Variation in to Neural Physiology and Anatomy Due to Diet Related Factors as a Possible Cause to NeurodegenerationKamala Govindaraju1, Jaya Gopalkrishna1, Jennifer Thankachan Thomas1, Nisha Narayan Moger1 and Maulishree Agrahari1,2*
- Corresponding Author:
- Maulishree Agrahari
University of Calgary, Canada
Received date: May 08, 2012; Accepted date: June 25, 2012; Published date: June 27, 2012
Citation: Govindaraju K, Gopalkrishna J, Thomas JT, Moger NN, Agrahari M (2012) Variation in to Neural Physiology and Anatomy Due to Diet Related Factors as a Possible Cause to Neurodegeneration. J Biotechnol Biomater 2:141. doi:10.4172/2155-952X.1000141
Copyright: © 2012 Govindaraju K, et al. This is an open-access article distributed under the terms of the Creative Commons Attribution License, which permits unrestricted use, distribution, and reproduction in any medium, provided the original author and source are credited.

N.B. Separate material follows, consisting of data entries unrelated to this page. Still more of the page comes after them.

(* Let $V$ be a commutative unital quantale whose underlying lattice is a frame, with $\otimes=\wedge$ in $V$. Let $(X,a)$, $(Y,b)$ be $V$-groups with $(Y,b)$ symmetric, $\varphi\colon Y\to\mathrm{Aut}(X)$ a group action, and $c$ a $V$-category structure on $X\rtimes_\varphi Y$ such that $(X,a)\xrightarrow{\langle 1,0\rangle}(X\rtimes_\varphi Y,c)\underset{\langle 0,1\rangle}{\overset{\pi_2}{\rightleftarrows}}(Y,b)$ is a split extension in $\mathsf{VGrp}$. Then $c=a\otimes b=a\wedge b$, i.e. $c((x,y),(x',y'))=a(x,x')\wedge b(y,y')$ for all $x,x'\in X$, $y,y'\in Y$.
   Context: A commutative unital quantale $V$ is a complete lattice with a commutative associative operation $\otimes$ with unit $k$ preserving arbitrary joins in each variable; here $\otimes=\wedge$, so $k=\top$. A $V$-category $(X,a)$: $a\colon X\times X\to V$ with $k\le a(x,x)$ and $a(x,x')\otimes a(x',x'')\le a(x,x'')$; it is symmetric if $a(x,x')=a(x',x)$. A $V$-functor is a map $f$ with $a(x,x')\le b(f(x),f(x'))$. A $V$-group $(X,a,+)$ is a $V$-category with a group structure (additive, not necessarily abelian) such that $a(x_1,x_2)\otimes a(x_1',x_2')\le a(x_1+x_1',x_2+x_2')$; $V$-homomorphisms are group homomorphisms that are $V$-functors; category $\mathsf{VGrp}$ (pointed). The semidirect product $X\rtimes_\varphi Y$ is $X\times Y$ with $(x,y)+(x',y')=(x+\varphi_y(x'),y+y')$, $\varphi_y=\varphi(y)$; $\langle 1,0\rangle(x)=(x,0)$, $\langle 0,1\rangle(y)=(0,y)$, $\pi_2(x,y)=y$. A split extension in $\mathsf{VGrp}$ means: the middle object is a $V$-group, all three maps are $V$-homomorphisms, $\pi_2\circ\langle 0,1\rangle=1_Y$, and $\langle 1,0\rangle$ is a kernel of $\pi_2$ in $\mathsf{VGrp}$. *)

From HB Require Import structures.
From mathcomp Require Import all_boot all_order.
Set Implicit Arguments. Unset Strict Implicit. Unset Printing Implicit Defensive.
Import Order.TTheory.
Local Open Scope order_scope.

Section Frame.
Context {d : Order.disp_t} (V : tbLatticeType d).

Definition is_lub (S : V -> Prop) (s : V) : Prop :=
  (forall x, S x -> x <= s) /\ (forall u, (forall x, S x -> x <= u) -> s <= u).

(* V is a frame: complete lattice in which binary meet distributes over
   arbitrary joins, i.e. (V, /\, \top) is a commutative unital quantale. *)
Definition is_frame : Prop :=
  (forall S : V -> Prop, exists s, is_lub S s) /\
  (forall (t : V) (S : V -> Prop) (s : V), is_lub S s ->
     is_lub (fun u => exists x, S x /\ u = t `&` x) (t `&` s)).

(* V-category with tensor = meet and unit k = \top *)
Definition Vcat (X : Type) (a : X -> X -> V) : Prop :=
  (forall x, \top <= a x x) /\
  (forall x x' x'', a x x' `&` a x' x'' <= a x x'').

Definition Vsymmetric (X : Type) (a : X -> X -> V) : Prop :=
  forall x x', a x x' = a x' x.

Definition Vfunctor (X Y : Type) (a : X -> X -> V) (b : Y -> Y -> V)
  (f : X -> Y) : Prop :=
  forall x x', a x x' <= b (f x) (f x').
End Frame.

(* group axioms (additive notation, not necessarily abelian) *)
Definition group_ax (X : Type) (add : X -> X -> X) (zero : X) (opp : X -> X)
  : Prop :=
  (forall x y z, add x (add y z) = add (add x y) z) /\
  (forall x, add zero x = x) /\ (forall x, add x zero = x) /\
  (forall x, add (opp x) x = zero) /\ (forall x, add x (opp x) = zero).

Definition group_hom (X Y : Type) (addX : X -> X -> X) (addY : Y -> Y -> Y)
  (f : X -> Y) : Prop :=
  forall x x', f (addX x x') = addY (f x) (f x').

Definition Vgroup {d} (V : tbLatticeType d) (X : Type) (add : X -> X -> X)
  (zero : X) (opp : X -> X) (a : X -> X -> V) : Prop :=
  group_ax add zero opp /\ Vcat a /\
  (forall x1 x2 x1' x2', a x1 x2 `&` a x1' x2' <= a (add x1 x1') (add x2 x2')).

Definition Vhom {d} (V : tbLatticeType d) (X Y : Type)
  (addX : X -> X -> X) (a : X -> X -> V) (addY : Y -> Y -> Y) (b : Y -> Y -> V)
  (f : X -> Y) : Prop :=
  group_hom addX addY f /\ Vfunctor a b f.

Definition group_aut (X : Type) (add : X -> X -> X) (g : X -> X) : Prop :=
  group_hom add add g /\ bijective g.

Definition group_action (X Y : Type) (addX : X -> X -> X) (addY : Y -> Y -> Y)
  (phi : Y -> X -> X) : Prop :=
  (forall y, group_aut addX (phi y)) /\
  (forall y y' x, phi (addY y y') x = phi y (phi y' x)).

Definition sd_add (X Y : Type) (addX : X -> X -> X) (addY : Y -> Y -> Y)
  (phi : Y -> X -> X) (p q : X * Y) : X * Y :=
  (addX p.1 (phi p.2 q.1), addY p.2 q.2).
Definition sd_zero (X Y : Type) (zeroX : X) (zeroY : Y) : X * Y := (zeroX, zeroY).
Definition sd_opp (X Y : Type) (oppX : X -> X) (oppY : Y -> Y)
  (phi : Y -> X -> X) (p : X * Y) : X * Y :=
  (phi (oppY p.2) (oppX p.1), oppY p.2).

(* k : (K,e) -> (M,c) is a kernel of p : (M,c) -> (Q,b) in VGrp
   (the zero morphism into (Q,b) being constant at zeroQ). *)
Definition is_kernel_VGrp {dV} (V : tbLatticeType dV)
  (K : Type) (addK : K -> K -> K) (e : K -> K -> V)
  (M : Type) (addM : M -> M -> M) (c : M -> M -> V)
  (Q : Type) (zeroQ : Q)
  (k : K -> M) (p : M -> Q) : Prop :=
  (forall z, p (k z) = zeroQ) /\
  (forall (Z : Type) (addZ : Z -> Z -> Z) (zeroZ : Z) (oppZ : Z -> Z)
          (dz : Z -> Z -> V),
     Vgroup addZ zeroZ oppZ dz ->
     forall f : Z -> M, Vhom addZ dz addM c f ->
     (forall z, p (f z) = zeroQ) ->
     exists g : Z -> K, Vhom addZ dz addK e g /\ (forall z, k (g z) = f z) /\
       (forall g' : Z -> K, Vhom addZ dz addK e g' ->
          (forall z, k (g' z) = f z) -> g' = g)).

From HB Require Import structures.
From mathcomp Require Import all_boot all_order.
Local Open Scope order_scope.
Import Order.TTheory.
Set Implicit Arguments. Unset Strict Implicit. Unset Printing Implicit Defensive.

(* Since <1,0> is a kernel, the structure it carries is the initial one,
   so c restricts to a on X * 0.  Translating by (0, -y) and (0, -y') and using
   c((0,-y),(0,-y')) >= b(-y,-y') >= b(y,y') >= c((x,y),(x',y')) gives
   c((x,y),(x',y')) <= c((x,0),(x',0)) = a(x,x'), while <= b(y,y') holds because
   pi2 is a V-functor.  Conversely (x,y) = (x,0) + (0,y), so a(x,x') /\ b(y,y')
   <= c((x,y),(x',y')) by continuity of the addition of c.  Only binary meets
   occur. *)

Section GroupFacts.
Variables (X : Type) (add : X -> X -> X) (zero : X) (opp : X -> X).
Hypothesis hX : group_ax add zero opp.

Lemma group_idempotent u : add u u = u -> u = zero.
Proof.
move: hX => [addA [add0x [_ [addNx _]]]] uu.
by rewrite -[u]add0x -(addNx u) -addA uu.
Qed.

Lemma group_hom_zero (Z : Type) (addZ : Z -> Z -> Z) (zeroZ : Z) (f : Z -> X) :
  addZ zeroZ zeroZ = zeroZ -> group_hom addZ add f -> f zeroZ = zero.
Proof. by move=> zz hf; apply: group_idempotent; rewrite -hf zz. Qed.

End GroupFacts.

Section VGroupFacts.
Context {d : Order.disp_t} (V : tbLatticeType d).

Lemma Vgroup_comap (Z : Type) (addZ : Z -> Z -> Z) (zeroZ : Z) (oppZ : Z -> Z)
  (M : Type) (addM : M -> M -> M) (zeroM : M) (oppM : M -> M) (c : M -> M -> V)
  (f : Z -> M) :
  group_ax addZ zeroZ oppZ -> Vgroup addM zeroM oppM c -> group_hom addZ addM f ->
  Vgroup addZ zeroZ oppZ (fun z z' => c (f z) (f z')).
Proof.
move=> gZ [_ [[cR cT] cC]] hf; split=> //; split; first by split.
by move=> z1 z2 z1' z2'; rewrite !hf.
Qed.

Lemma Vgroup_le_opp (Y : Type) (add : Y -> Y -> Y) (zero : Y) (opp : Y -> Y)
  (b : Y -> Y -> V) :
  Vgroup add zero opp b -> forall y y', b y' y <= b (opp y) (opp y').
Proof.
move=> [[addA [add0x [addx0 [addNx addxN]]]] [[bR _] bC]] y y'.
have bNN : b (opp y) (opp y) = \top by apply/le_anti; rewrite lex1 bR.
have bNN' : b (opp y') (opp y') = \top by apply/le_anti; rewrite lex1 bR.
have E1 : add (add (opp y) y') (opp y') = opp y by rewrite -addA addxN addx0.
have E2 : add (add (opp y) y) (opp y') = opp y' by rewrite addNx add0x.
have := bC (add (opp y) y') (add (opp y) y) (opp y') (opp y').
rewrite E1 E2 bNN' meetx1; apply: le_trans.
by have := bC (opp y) (opp y) y' y; rewrite bNN meet1x.
Qed.

Lemma is_kernel_VGrp_initial (K : Type) (addK : K -> K -> K) (zeroK : K)
  (oppK : K -> K) (e : K -> K -> V)
  (M : Type) (addM : M -> M -> M) (zeroM : M) (oppM : M -> M) (c : M -> M -> V)
  (Q : Type) (zeroQ : Q) (k : K -> M) (p : M -> Q) :
  group_ax addK zeroK oppK -> Vgroup addM zeroM oppM c ->
  Vhom addK e addM c k -> injective k ->
  is_kernel_VGrp addK e addM c zeroQ k p ->
  forall z z', c (k z) (k z') = e z z'.
Proof.
move=> gK hM [hk ke] k_inj [pk0 kU] z z'.
apply/le_anti; rewrite ke andbT.
have ck_grp := Vgroup_comap gK hM hk.
have k_hom : Vhom addK (fun z z' => c (k z) (k z')) addM c k by split.
have [g [[_ gF] [kg _]]] := kU K addK zeroK oppK _ ck_grp k k_hom pk0.
have gE w : g w = w by apply: k_inj; rewrite kg.
by have := gF z z'; rewrite !gE.
Qed.

End VGroupFacts.

Section SemidirectProduct.
Variables (X : Type) (addX : X -> X -> X) (zeroX : X) (oppX : X -> X).
Variables (Y : Type) (addY : Y -> Y -> Y) (zeroY : Y) (oppY : Y -> Y).
Variable phi : Y -> X -> X.
Hypotheses (hX : group_ax addX zeroX oppX) (hY : group_ax addY zeroY oppY).
Hypothesis hphi : group_action addX addY phi.

Lemma action_zero x : phi zeroY x = x.
Proof.
move: hphi hY => [aut phiM] [_ [add0y _]].
have [_ [g phiK _]] := aut zeroY.
by apply: (can_inj phiK); rewrite -phiM add0y.
Qed.

Lemma action_fix_zero y : phi y zeroX = zeroX.
Proof.
apply: (group_hom_zero hX); first by case: hX => _ [].
by case: (hphi.1 y).
Qed.

Lemma sd_add_inl_inr x y : sd_add addX addY phi (x, zeroY) (zeroX, y) = (x, y).
Proof.
move: hX hY => [_ [_ [addx0 _]]] [_ [add0y _]].
by rewrite /sd_add /= action_zero addx0 add0y.
Qed.

Lemma sd_add_inr_opp x y :
  sd_add addX addY phi (x, y) (zeroX, oppY y) = (x, zeroY).
Proof.
move: hX hY => [_ [_ [addx0 _]]] [_ [_ [_ [_ addyN]]]].
by rewrite /sd_add /= action_fix_zero addx0 addyN.
Qed.

End SemidirectProduct.

Theorem proposition7p7 {d : Order.disp_t} (V : tbLatticeType d)
  (hV : is_frame V)
  (X : Type) (addX : X -> X -> X) (zeroX : X) (oppX : X -> X) (a : X -> X -> V)
  (Y : Type) (addY : Y -> Y -> Y) (zeroY : Y) (oppY : Y -> Y) (b : Y -> Y -> V)
  (hX : Vgroup addX zeroX oppX a) (hY : Vgroup addY zeroY oppY b)
  (hYsym : Vsymmetric b)
  (phi : Y -> X -> X) (hphi : group_action addX addY phi)
  (c : X * Y -> X * Y -> V)
  (hc : Vgroup (sd_add addX addY phi) (sd_zero zeroX zeroY)
               (sd_opp oppX oppY phi) c)
  (h10 : Vhom addX a (sd_add addX addY phi) c (fun x => (x, zeroY)))
  (hpi2 : Vhom (sd_add addX addY phi) c addY b (fun p => p.2))
  (h01 : Vhom addY b (sd_add addX addY phi) c (fun y => (zeroX, y)))
  (hsplit : forall y : Y, ((zeroX, y) : X * Y).2 = y)
  (hker : is_kernel_VGrp addX a (sd_add addX addY phi) c zeroY
            (fun x => (x, zeroY)) (fun p => p.2)) :
  forall (x x' : X) (y y' : Y), c (x, y) (x', y') = a x x' `&` b y y'.
Proof.
have gX := hX.1; have gY := hY.1; have cC := hc.2.2.
have inl_inj : injective (fun x : X => (x, zeroY)) by move=> x1 x2 [].
have c_inl := is_kernel_VGrp_initial gX hc h10 inl_inj hker.
move=> x x' y y'; apply/le_anti/andP; split.
- have c_le_b := hpi2.2 (x, y) (x', y'); rewrite lexI c_le_b andbT -c_inl.
  have := cC (x, y) (x', y') (zeroX, oppY y) (zeroX, oppY y').
  rewrite !(sd_add_inr_opp gX gY hphi); apply: le_trans.
  rewrite lexI lexx /=; apply: le_trans (h01.2 _ _).
  by rewrite -hYsym; apply: le_trans c_le_b (Vgroup_le_opp hY _ _).
- have := cC (x, zeroY) (x', zeroY) (zeroX, y) (zeroX, y').
  rewrite !(sd_add_inl_inr gX gY hphi) c_inl; apply: le_trans.
  exact: leI2 (h01.2 _ _).
Qed.
(* Let $G$ be a graph and $v\in V(G)$ with $d_G(v)\le 2$. Then $\mathbf{a}_4(G)\ge \mathbf{a}_4(G-v)$.
   Context: Graphs are finite and simple. $\mathbf{a}_4(H)$ is the coefficient of $\lambda^{\nu(H)-4}$ in $\det(\lambda\mathbf{I}-\mathbf{A}(H))$, where $\nu(H)$ is the number of vertices; equivalently, $\mathbf{a}_4(H)$ is the number of 2-matchings of $H$ minus twice the number of 4-cycles of $H$. $G-v$ is the graph obtained by deleting $v$ and its incident edges. *)

From mathcomp Require Import all_boot all_order all_algebra.
Set Implicit Arguments. Unset Strict Implicit. Unset Printing Implicit Defensive.
Import GRing.Theory Num.Theory.
Local Open Scope ring_scope.

(* A finite simple graph is a symmetric irreflexive relation e on a finType T.
   For S : {set T}, [adjmx e S] is the adjacency matrix of the induced
   subgraph G[S], with vertices indexed by enum_val : 'I_#|S| -> T. *)
Definition adjmx (T : finType) (e : rel T) (S : {set T}) : 'M[int]_#|S| :=
  \matrix_(i, j) (e (enum_val i) (enum_val j))%:R.

(* a_4(G[S]) = coefficient of lambda^(nu - 4) in det(lambda I - A(G[S])),
   nu = #|S|; it is 0 when nu < 4 (no such power). *)
Definition a4 (T : finType) (e : rel T) (S : {set T}) : int :=
  if (4 <= #|S|)%N then (char_poly (adjmx e S))`_(#|S| - 4) else 0.

Definition deg (T : finType) (e : rel T) (v : T) : nat := #|[set u | e v u]|.

From mathcomp Require Import all_boot all_order all_algebra all_fingroup zify.
Set Implicit Arguments. Unset Strict Implicit. Unset Printing Implicit Defensive.
Import GRing.Theory Num.Theory.

(* Expanding det(lambda I - A) over permutations, a_4(G[S]) is the signed number
   of permutations of S that move exactly four vertices, each to a neighbour: a
   double transposition (a 2-matching) counts +1 and a 4-cycle (an oriented
   4-cycle of the graph) counts -1.  The terms of a_4(G) fixing v are exactly
   those of a_4(G - v).  A term moving v is either a 4-cycle v -> p -> x -> q -> v
   or a double transposition through v; sending the cycle to the 2-matching
   (v p)(x q) is injective, because p is read off the matching and q is then the
   only other neighbour of v, as deg v <= 2.  So the terms moving v add up to a
   nonnegative number. *)

Definition psupp (X : finType) (s : {perm X}) : {set X} := [set x | s x != x].

Ltac split_uniq U :=
  move: (U); rewrite /= !inE !negb_or -!andbA;
  repeat match goal with |- is_true (_ && _) -> _ => case/andP => ? end; move=> _.

Ltac decide_eq :=
  repeat (rewrite ?eqxx /=; match goal with
  | H : is_true (?x != ?y) |- context [?x == ?y] => rewrite (negbTE H)
  | H : is_true (?x != ?y) |- context [?y == ?x] => rewrite (eq_sym y x) (negbTE H)
  end); rewrite ?eqxx /=.

Section FourPoints.
Variable X : finType.
Implicit Types (s t : {perm X}) (S : {set X}).

Lemma perm_onE S s : perm_on S s = (psupp s \subset S).
Proof. by rewrite /perm_on; apply: eq_subset => x; rewrite !inE. Qed.

Lemma perm_onS S1 S2 s : S1 \subset S2 -> perm_on S1 s -> perm_on S2 s.
Proof. by move=> sub12; rewrite !perm_onE => /subset_trans; apply. Qed.

Lemma perm_on_psupp s : perm_on (psupp s) s.
Proof. by rewrite perm_onE. Qed.

Lemma psupp_perm s x : (s x \in psupp s) = (x \in psupp s).
Proof. exact: perm_closed (perm_on_psupp s). Qed.

Lemma eq_perm_on S s t : perm_on S s -> perm_on S t -> {in S, s =1 t} -> s = t.
Proof.
move=> sS tS eq_st; apply/permP => x.
by have [/eq_st // | xS] := boolP (x \in S); rewrite !(out_perm _ xS).
Qed.

Lemma exists_notin S (l : seq X) : size l < #|S| -> exists2 x, x \in S & x \notin l.
Proof.
move=> lt_l_S; apply/subsetPn; apply: contraTN lt_l_S => /subset_leq_card le_S_l.
by rewrite -leqNgt (leq_trans le_S_l (card_size l)).
Qed.
Lemma balanced_double_star_of_diam3 u v : (forall r, ~~ light r) ->
  dist u v = 3 -> (forall a b, dist a b <= 3) ->
  exists a b, [/\ 1 <= a, 1 <= b, a + b + 2 = #|T|, a <= b + 4 & b <= a + 4]
              /\ is_double_star e a b.
Proof.
move=> heavy uv3 diam3.
have [x [y [lx ly uvxy]]] := diametral_leaves u v.
have xy3 : dist x y = 3 by apply/eqP; rewrite eqn_leq diam3 -uv3.
have T_gt1 : 1 < #|T| by apply/card_gt1P; exists x, y; rewrite -dist_eq0 xy3.
have [p xp] := has_neighbor T_gt1 x; have [q yq] := has_neighbor T_gt1 y.
have centers := diam3_double_star_centers lx ly xp yq xy3 diam3.
have leaf_at a b c d : leaf a -> e a b -> e c d -> dist a c = 3 -> a \in leaves_at b d.
  move=> la ab cd ac3; rewrite inE esym ab andbT; apply/andP; split.
    by apply: contraTneq ab => ->; exact: eirr.
  by apply/eqP => ad; move: ac3; rewrite ad distC (dist_adj cd).
have x_at_p := leaf_at _ _ _ _ lx xp yq xy3.
have y_at_q := leaf_at _ _ _ _ ly yq xp (etrans (distC y x) xy3).
have sizes := card_double_star centers.
exists #|leaves_at p q|, #|leaves_at q p|; split; last exact: double_star_leaves.
have a_gt0 : 0 < #|leaves_at p q| by apply/card_gt0P; exists x.
have b_gt0 : 0 < #|leaves_at q p| by apply/card_gt0P; exists y.
have b_le : #|leaves_at q p| <= #|leaves_at p q| + 4.
  by rewrite leqNgt; apply: contra (heavy x) => ?; apply: (light_of_unbalanced centers lx xp); lia.
have a_le : #|leaves_at p q| <= #|leaves_at q p| + 4.
  rewrite leqNgt; apply: contra (heavy y) => ?.
  by apply: (light_of_unbalanced (double_star_centersC centers) ly yq); lia.
by split; lia.
Qed.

Neurodegenerative disorders have been linked to an array of external factors ranging from atmospheric pollutants to diet related additives. In our study we have investigated BMAA a neurotoxin produced by cyanobacteria, which gets an easy entry into human food chain via sea food and water, Aluminium which is believed to be present more in bottled water in comparison to tap water; and MSG, a derivative of glutamate; extensively used as flavour enhancer. LD50 for the three chemicals used in this study were determined. Our results suggest that BMAA leads to a significant loss of long term memory, reduction in geotaxic response, and reduction in both, fertility and life span. Short term memory was not significantly affected by BMAA. Aluminium deposits caused loss of long and short term memory and reduction in geotaxic response. MSG caused reduction in short term memory. In combination with BMAA, MSG produced reduction in all the parameters. Dementia has a direct bearing on quality of life. Dementia can set in as early as 40 years of age in humans. This has been attributed to life-style and stress related factors. The present study establishes a direct cause and effect relationship between dementia, stress and diet. These effects are established when Drosophila melanogaster are treated with neurotoxins, singly or in combinations. Experiments are in progress to understand the mechanisms that underlie these processes.